Problem to work on =
In the data that follows, find the line with "Hypothesis s_ub : forall"; transcribe it, every later line up to the one with "(* Let $X \ge", and that line as well, exactly and with no others.

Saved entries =
*****
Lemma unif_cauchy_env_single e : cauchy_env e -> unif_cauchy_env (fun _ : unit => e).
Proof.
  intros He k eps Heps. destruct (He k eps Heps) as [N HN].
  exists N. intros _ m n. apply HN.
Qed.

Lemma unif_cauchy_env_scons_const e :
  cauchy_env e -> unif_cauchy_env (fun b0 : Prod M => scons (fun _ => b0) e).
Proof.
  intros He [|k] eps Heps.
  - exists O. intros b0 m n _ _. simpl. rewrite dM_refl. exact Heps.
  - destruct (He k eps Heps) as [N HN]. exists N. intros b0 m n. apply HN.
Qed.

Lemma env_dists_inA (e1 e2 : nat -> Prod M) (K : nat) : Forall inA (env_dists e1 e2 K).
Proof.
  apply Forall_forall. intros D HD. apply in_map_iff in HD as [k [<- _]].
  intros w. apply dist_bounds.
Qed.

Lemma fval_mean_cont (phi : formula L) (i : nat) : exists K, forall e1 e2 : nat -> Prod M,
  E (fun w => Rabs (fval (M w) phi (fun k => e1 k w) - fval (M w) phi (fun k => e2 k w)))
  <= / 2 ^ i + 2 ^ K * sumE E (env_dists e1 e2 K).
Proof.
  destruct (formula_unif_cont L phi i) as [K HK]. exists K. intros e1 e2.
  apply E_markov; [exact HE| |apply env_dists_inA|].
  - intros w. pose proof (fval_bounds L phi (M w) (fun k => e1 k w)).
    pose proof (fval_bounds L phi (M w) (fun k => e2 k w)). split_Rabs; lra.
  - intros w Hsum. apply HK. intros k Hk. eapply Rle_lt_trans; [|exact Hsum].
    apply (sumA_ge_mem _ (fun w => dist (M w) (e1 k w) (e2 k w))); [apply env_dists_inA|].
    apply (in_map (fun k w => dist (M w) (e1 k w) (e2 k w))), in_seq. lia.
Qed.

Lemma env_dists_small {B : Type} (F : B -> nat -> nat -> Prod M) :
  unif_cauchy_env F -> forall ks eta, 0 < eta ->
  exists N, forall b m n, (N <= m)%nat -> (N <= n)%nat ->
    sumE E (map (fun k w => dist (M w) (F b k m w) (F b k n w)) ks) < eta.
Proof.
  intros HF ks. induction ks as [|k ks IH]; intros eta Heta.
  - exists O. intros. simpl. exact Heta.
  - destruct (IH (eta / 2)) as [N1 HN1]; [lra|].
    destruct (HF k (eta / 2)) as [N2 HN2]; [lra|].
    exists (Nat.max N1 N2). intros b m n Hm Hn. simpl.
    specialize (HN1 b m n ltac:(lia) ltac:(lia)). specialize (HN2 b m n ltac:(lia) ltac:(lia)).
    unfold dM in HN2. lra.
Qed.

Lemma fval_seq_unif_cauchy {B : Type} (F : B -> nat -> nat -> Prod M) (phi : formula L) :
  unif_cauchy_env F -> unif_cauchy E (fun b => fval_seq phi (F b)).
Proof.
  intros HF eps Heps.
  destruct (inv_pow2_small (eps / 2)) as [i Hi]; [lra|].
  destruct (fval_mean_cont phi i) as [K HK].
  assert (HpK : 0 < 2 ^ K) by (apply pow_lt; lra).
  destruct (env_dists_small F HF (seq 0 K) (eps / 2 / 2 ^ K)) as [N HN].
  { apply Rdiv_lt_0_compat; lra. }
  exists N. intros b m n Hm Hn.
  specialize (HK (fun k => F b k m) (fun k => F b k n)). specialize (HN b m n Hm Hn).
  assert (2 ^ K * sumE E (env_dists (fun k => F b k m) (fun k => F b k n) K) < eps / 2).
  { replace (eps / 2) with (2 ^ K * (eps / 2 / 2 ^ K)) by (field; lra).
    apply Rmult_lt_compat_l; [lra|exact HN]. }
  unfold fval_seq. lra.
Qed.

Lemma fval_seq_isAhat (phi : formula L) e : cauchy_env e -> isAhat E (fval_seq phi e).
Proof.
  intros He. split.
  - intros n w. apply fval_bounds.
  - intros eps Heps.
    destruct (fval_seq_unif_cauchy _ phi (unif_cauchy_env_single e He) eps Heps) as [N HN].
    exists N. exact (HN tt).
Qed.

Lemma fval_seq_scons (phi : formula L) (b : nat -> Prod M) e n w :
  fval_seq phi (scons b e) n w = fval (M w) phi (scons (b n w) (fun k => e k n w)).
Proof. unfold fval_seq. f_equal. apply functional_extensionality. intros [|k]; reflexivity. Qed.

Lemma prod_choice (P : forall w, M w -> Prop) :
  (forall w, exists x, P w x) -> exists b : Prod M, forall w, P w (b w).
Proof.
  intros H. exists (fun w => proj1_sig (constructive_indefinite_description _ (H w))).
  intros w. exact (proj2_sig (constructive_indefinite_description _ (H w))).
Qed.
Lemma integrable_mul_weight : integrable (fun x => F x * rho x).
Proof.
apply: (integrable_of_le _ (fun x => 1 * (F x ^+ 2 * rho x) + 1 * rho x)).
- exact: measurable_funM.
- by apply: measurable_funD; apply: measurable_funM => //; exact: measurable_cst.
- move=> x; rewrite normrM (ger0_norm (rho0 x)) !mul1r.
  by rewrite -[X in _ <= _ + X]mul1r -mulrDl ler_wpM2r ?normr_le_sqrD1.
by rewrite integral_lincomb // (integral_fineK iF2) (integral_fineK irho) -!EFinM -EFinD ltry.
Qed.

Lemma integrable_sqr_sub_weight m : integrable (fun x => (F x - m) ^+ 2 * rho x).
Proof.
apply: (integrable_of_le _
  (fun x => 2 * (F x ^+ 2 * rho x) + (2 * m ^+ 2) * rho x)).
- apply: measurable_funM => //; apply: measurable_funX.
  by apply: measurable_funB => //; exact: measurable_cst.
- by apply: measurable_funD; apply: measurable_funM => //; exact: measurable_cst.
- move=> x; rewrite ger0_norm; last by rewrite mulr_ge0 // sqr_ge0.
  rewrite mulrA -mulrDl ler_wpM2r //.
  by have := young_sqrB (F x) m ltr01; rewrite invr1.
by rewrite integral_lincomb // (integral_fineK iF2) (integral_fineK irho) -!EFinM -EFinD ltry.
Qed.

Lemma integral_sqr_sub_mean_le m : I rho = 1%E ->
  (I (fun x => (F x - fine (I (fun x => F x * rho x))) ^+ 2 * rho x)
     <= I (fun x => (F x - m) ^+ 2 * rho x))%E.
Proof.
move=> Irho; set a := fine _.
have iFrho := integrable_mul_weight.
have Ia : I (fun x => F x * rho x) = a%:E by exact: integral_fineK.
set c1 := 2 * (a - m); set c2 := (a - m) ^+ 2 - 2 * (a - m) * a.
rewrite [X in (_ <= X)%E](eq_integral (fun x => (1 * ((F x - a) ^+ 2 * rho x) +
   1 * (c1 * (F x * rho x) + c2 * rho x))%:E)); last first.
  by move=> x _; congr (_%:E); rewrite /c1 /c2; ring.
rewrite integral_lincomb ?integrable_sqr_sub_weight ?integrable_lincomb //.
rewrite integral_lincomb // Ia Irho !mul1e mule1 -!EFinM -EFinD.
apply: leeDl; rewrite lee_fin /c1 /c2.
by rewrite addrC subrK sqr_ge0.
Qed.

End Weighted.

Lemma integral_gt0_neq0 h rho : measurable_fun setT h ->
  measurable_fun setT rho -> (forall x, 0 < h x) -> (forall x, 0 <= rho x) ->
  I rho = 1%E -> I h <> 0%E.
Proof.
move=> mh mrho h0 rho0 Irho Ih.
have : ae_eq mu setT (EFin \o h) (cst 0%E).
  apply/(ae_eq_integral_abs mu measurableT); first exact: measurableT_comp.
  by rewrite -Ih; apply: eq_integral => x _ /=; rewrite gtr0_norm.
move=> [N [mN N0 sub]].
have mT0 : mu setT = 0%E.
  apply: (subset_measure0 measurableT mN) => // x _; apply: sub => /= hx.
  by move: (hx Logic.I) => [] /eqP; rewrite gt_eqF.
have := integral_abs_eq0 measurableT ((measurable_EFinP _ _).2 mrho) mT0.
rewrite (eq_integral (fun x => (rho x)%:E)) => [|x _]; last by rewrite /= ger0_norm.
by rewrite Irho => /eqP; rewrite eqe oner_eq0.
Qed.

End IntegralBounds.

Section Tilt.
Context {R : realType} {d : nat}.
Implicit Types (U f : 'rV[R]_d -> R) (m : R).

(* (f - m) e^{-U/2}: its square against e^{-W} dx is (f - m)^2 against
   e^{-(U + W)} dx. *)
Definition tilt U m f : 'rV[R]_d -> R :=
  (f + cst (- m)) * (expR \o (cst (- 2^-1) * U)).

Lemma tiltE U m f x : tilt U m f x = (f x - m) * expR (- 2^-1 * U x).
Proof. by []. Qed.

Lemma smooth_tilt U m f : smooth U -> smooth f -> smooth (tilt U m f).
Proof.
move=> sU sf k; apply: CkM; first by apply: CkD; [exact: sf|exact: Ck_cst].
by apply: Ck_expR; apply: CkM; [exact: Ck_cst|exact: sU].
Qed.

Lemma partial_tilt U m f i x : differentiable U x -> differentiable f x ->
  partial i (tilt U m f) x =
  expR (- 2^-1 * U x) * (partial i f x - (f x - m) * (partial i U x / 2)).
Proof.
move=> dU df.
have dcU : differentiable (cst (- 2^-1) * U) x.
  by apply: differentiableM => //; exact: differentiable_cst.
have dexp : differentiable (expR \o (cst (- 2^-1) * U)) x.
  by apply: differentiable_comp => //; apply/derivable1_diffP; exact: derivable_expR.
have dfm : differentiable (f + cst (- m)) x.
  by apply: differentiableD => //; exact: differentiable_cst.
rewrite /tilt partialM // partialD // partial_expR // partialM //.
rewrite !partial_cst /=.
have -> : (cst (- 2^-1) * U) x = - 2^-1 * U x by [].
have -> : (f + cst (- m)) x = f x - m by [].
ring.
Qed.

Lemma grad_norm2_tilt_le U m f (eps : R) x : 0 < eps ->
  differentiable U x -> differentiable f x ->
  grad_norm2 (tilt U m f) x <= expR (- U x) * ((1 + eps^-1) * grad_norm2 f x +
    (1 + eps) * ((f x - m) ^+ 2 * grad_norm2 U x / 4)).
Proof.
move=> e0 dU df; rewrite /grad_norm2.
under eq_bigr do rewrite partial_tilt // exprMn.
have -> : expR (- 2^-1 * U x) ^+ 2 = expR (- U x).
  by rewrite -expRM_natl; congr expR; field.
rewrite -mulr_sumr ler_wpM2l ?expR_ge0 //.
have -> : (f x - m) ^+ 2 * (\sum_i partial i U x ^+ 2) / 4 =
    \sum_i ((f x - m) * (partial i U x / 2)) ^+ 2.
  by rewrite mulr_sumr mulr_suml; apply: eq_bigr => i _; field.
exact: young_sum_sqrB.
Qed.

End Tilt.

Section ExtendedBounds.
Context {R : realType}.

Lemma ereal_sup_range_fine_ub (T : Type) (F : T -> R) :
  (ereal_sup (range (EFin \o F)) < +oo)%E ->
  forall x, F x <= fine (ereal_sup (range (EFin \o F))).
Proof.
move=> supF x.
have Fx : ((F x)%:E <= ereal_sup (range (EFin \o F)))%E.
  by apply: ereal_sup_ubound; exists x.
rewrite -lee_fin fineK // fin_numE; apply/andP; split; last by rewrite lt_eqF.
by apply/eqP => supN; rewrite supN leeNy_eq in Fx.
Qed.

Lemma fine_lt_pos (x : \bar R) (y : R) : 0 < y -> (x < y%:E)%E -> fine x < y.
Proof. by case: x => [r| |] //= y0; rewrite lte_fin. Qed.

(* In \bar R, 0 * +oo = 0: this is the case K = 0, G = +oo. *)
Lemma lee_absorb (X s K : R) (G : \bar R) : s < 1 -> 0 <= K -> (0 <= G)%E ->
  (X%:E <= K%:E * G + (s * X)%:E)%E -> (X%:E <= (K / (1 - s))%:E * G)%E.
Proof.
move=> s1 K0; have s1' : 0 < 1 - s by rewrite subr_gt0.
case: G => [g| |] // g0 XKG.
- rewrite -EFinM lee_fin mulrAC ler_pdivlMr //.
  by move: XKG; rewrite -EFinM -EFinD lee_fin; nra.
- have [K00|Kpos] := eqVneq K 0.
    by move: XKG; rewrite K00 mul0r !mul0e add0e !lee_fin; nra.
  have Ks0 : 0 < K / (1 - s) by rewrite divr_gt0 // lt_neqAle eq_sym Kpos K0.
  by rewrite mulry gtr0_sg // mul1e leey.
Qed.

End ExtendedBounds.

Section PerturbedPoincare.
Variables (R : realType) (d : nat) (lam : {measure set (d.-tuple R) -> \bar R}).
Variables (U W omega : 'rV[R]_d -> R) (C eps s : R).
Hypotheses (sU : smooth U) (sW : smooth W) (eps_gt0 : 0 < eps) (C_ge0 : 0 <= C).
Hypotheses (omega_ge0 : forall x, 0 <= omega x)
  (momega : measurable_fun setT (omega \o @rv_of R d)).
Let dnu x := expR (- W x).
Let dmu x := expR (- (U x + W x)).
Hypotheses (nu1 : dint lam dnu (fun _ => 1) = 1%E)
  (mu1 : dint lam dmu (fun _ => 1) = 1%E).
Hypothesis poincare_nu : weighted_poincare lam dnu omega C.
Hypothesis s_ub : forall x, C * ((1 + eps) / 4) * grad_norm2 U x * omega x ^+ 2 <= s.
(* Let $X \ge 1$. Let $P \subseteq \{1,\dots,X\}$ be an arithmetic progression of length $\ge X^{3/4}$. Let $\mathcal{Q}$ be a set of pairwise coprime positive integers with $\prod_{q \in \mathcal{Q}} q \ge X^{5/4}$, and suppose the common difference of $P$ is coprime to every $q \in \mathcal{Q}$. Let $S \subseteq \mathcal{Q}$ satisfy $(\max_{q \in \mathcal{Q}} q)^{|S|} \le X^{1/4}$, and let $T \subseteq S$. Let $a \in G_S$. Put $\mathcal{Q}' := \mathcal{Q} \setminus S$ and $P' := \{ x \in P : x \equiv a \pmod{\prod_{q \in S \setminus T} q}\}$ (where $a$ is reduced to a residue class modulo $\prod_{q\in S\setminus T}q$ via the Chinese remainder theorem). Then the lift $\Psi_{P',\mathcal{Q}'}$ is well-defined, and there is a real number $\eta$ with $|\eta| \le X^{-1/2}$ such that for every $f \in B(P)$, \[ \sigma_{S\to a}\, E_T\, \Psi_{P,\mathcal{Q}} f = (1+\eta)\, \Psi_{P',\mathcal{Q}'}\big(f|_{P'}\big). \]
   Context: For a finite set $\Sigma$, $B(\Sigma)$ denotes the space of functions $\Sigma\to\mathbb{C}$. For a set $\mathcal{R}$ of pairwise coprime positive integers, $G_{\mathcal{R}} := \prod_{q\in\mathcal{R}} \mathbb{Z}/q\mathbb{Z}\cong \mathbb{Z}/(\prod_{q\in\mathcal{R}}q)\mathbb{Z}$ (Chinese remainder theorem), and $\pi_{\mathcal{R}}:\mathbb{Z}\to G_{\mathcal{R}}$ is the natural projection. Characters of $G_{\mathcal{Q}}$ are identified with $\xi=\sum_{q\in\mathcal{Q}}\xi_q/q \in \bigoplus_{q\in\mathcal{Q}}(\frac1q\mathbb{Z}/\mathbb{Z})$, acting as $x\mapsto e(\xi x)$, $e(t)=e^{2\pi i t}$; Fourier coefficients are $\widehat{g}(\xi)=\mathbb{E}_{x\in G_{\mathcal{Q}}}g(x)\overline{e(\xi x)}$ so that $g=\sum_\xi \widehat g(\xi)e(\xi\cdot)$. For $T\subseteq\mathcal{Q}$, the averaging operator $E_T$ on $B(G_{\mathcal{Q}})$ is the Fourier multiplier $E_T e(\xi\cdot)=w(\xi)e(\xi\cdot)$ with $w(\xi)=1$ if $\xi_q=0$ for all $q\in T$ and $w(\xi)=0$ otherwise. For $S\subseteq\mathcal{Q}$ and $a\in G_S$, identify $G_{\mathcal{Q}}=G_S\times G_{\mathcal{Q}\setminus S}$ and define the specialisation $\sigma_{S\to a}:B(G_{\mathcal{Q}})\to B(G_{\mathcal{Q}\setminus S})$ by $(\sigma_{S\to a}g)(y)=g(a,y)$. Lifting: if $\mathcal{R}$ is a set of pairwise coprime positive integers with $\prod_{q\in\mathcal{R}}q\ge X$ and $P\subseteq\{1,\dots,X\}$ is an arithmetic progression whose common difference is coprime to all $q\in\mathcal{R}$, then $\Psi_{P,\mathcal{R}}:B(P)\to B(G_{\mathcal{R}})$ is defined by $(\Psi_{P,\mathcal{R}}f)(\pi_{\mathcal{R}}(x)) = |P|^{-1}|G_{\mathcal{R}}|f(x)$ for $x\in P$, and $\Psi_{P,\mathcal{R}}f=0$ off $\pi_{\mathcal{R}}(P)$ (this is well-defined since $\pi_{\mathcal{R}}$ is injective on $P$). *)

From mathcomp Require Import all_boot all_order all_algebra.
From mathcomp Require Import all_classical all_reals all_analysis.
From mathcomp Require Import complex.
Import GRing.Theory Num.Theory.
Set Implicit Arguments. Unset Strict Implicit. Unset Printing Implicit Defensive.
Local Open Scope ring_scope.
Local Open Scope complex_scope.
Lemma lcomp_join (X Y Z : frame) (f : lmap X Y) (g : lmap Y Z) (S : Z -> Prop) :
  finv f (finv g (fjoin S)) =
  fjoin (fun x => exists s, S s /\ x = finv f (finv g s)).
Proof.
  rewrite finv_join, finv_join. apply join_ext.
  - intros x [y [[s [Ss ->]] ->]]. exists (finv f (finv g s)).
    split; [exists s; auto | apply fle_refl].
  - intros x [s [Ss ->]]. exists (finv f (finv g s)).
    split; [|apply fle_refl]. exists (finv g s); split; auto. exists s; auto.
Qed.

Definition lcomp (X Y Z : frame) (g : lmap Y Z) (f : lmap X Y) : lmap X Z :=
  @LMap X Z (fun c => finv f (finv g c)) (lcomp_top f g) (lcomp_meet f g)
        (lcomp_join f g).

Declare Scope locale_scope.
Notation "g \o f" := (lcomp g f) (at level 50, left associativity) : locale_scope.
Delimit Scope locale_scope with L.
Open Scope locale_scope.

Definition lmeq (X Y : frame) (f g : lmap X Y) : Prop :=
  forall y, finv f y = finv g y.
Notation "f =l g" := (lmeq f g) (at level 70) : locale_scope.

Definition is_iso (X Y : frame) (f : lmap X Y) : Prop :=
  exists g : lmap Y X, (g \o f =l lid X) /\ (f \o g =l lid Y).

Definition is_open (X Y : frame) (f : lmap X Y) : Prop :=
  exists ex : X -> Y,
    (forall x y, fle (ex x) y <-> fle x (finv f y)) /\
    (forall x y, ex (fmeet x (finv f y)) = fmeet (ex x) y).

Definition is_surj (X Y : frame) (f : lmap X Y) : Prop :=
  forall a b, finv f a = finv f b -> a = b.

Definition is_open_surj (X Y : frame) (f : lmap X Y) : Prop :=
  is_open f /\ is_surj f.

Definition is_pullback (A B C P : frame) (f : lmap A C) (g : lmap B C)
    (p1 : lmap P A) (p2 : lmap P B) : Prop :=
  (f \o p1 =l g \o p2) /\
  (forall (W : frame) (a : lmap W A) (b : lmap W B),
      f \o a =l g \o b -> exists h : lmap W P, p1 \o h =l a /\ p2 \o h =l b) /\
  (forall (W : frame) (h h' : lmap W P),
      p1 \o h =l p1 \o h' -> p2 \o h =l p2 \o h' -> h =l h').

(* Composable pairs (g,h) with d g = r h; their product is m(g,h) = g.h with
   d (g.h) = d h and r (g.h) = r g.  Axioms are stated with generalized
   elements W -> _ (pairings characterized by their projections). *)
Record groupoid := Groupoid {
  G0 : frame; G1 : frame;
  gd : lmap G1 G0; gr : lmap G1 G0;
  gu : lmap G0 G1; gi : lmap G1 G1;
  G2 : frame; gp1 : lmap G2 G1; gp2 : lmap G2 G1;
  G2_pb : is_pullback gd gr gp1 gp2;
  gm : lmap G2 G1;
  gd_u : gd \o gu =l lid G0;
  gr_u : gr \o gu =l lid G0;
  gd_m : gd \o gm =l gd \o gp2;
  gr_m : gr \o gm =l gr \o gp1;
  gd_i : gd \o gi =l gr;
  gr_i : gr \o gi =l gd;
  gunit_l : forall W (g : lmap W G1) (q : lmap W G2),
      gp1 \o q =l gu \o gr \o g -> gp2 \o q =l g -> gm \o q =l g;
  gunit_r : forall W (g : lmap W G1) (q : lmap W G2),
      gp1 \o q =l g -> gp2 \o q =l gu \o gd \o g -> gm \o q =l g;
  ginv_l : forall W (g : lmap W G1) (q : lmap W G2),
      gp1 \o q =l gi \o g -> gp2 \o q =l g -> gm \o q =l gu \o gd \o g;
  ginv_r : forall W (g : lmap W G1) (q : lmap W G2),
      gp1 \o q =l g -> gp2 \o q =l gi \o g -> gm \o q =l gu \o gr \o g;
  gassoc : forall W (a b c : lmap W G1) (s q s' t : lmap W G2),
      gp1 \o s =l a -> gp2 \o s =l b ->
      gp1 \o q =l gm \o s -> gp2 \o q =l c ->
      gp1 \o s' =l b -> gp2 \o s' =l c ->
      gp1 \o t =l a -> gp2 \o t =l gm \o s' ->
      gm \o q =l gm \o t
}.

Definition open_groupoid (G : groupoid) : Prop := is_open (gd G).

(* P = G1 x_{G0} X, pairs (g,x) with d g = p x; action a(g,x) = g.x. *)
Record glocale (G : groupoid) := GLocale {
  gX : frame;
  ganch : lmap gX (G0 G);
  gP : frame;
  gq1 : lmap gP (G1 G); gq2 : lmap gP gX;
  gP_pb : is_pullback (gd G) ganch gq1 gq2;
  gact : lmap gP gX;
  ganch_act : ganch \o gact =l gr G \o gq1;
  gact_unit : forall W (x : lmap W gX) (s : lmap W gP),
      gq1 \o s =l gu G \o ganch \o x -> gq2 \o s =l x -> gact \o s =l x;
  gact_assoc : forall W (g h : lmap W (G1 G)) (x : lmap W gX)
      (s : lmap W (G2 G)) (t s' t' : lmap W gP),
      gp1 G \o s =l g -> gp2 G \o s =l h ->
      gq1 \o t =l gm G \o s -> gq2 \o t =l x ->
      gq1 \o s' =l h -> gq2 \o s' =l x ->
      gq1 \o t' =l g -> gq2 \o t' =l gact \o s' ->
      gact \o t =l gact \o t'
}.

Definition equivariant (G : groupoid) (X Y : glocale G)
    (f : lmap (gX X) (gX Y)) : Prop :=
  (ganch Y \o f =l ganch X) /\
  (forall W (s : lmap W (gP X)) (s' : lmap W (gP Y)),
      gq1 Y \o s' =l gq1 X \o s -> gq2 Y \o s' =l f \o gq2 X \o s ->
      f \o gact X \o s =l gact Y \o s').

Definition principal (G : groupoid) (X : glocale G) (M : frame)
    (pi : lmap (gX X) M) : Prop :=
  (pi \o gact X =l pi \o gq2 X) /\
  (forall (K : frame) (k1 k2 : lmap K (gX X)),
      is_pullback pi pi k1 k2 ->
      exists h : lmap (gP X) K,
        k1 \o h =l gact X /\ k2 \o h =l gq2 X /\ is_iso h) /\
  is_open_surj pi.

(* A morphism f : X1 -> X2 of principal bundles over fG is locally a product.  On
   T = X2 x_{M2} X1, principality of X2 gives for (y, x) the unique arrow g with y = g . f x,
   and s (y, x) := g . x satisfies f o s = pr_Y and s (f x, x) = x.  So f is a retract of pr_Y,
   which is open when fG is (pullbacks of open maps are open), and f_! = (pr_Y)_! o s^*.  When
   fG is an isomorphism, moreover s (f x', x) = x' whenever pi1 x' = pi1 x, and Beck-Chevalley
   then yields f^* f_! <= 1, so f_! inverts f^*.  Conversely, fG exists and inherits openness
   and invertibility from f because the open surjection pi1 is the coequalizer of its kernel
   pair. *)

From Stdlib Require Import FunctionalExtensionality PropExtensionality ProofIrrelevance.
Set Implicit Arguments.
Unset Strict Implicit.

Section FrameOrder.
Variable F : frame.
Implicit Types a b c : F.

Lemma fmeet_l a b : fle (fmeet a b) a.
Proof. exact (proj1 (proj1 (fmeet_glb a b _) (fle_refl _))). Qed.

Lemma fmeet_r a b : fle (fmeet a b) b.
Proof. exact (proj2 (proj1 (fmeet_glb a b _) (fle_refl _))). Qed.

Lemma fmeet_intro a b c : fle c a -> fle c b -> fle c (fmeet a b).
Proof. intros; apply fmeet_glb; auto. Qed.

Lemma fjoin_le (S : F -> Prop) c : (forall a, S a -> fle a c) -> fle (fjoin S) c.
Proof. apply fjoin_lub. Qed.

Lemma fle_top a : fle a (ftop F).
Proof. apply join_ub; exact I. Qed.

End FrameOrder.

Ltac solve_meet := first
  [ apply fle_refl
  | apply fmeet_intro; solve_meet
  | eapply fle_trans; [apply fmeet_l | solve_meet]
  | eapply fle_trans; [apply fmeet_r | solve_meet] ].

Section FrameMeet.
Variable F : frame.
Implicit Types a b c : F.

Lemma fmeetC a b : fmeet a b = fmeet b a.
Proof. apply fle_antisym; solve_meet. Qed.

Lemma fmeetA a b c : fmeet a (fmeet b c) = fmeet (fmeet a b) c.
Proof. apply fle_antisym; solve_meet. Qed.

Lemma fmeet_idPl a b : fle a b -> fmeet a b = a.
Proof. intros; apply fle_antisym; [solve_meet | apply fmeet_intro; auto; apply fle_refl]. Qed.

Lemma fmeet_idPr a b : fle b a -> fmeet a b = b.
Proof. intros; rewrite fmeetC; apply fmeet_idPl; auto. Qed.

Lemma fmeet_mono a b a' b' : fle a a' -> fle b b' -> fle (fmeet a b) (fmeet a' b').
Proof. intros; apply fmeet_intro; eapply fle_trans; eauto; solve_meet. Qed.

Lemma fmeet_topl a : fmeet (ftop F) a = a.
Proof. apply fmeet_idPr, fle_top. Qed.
*****
Answer section =
Hypothesis s_ub : forall x, C * ((1 + eps) / 4) * grad_norm2 U x * omega x ^+ 2 <= s.
(* Let $X \ge 1$. Let $P \subseteq \{1,\dots,X\}$ be an arithmetic progression of length $\ge X^{3/4}$. Let $\mathcal{Q}$ be a set of pairwise coprime positive integers with $\prod_{q \in \mathcal{Q}} q \ge X^{5/4}$, and suppose the common difference of $P$ is coprime to every $q \in \mathcal{Q}$. Let $S \subseteq \mathcal{Q}$ satisfy $(\max_{q \in \mathcal{Q}} q)^{|S|} \le X^{1/4}$, and let $T \subseteq S$. Let $a \in G_S$. Put $\mathcal{Q}' := \mathcal{Q} \setminus S$ and $P' := \{ x \in P : x \equiv a \pmod{\prod_{q \in S \setminus T} q}\}$ (where $a$ is reduced to a residue class modulo $\prod_{q\in S\setminus T}q$ via the Chinese remainder theorem). Then the lift $\Psi_{P',\mathcal{Q}'}$ is well-defined, and there is a real number $\eta$ with $|\eta| \le X^{-1/2}$ such that for every $f \in B(P)$, \[ \sigma_{S\to a}\, E_T\, \Psi_{P,\mathcal{Q}} f = (1+\eta)\, \Psi_{P',\mathcal{Q}'}\big(f|_{P'}\big). \]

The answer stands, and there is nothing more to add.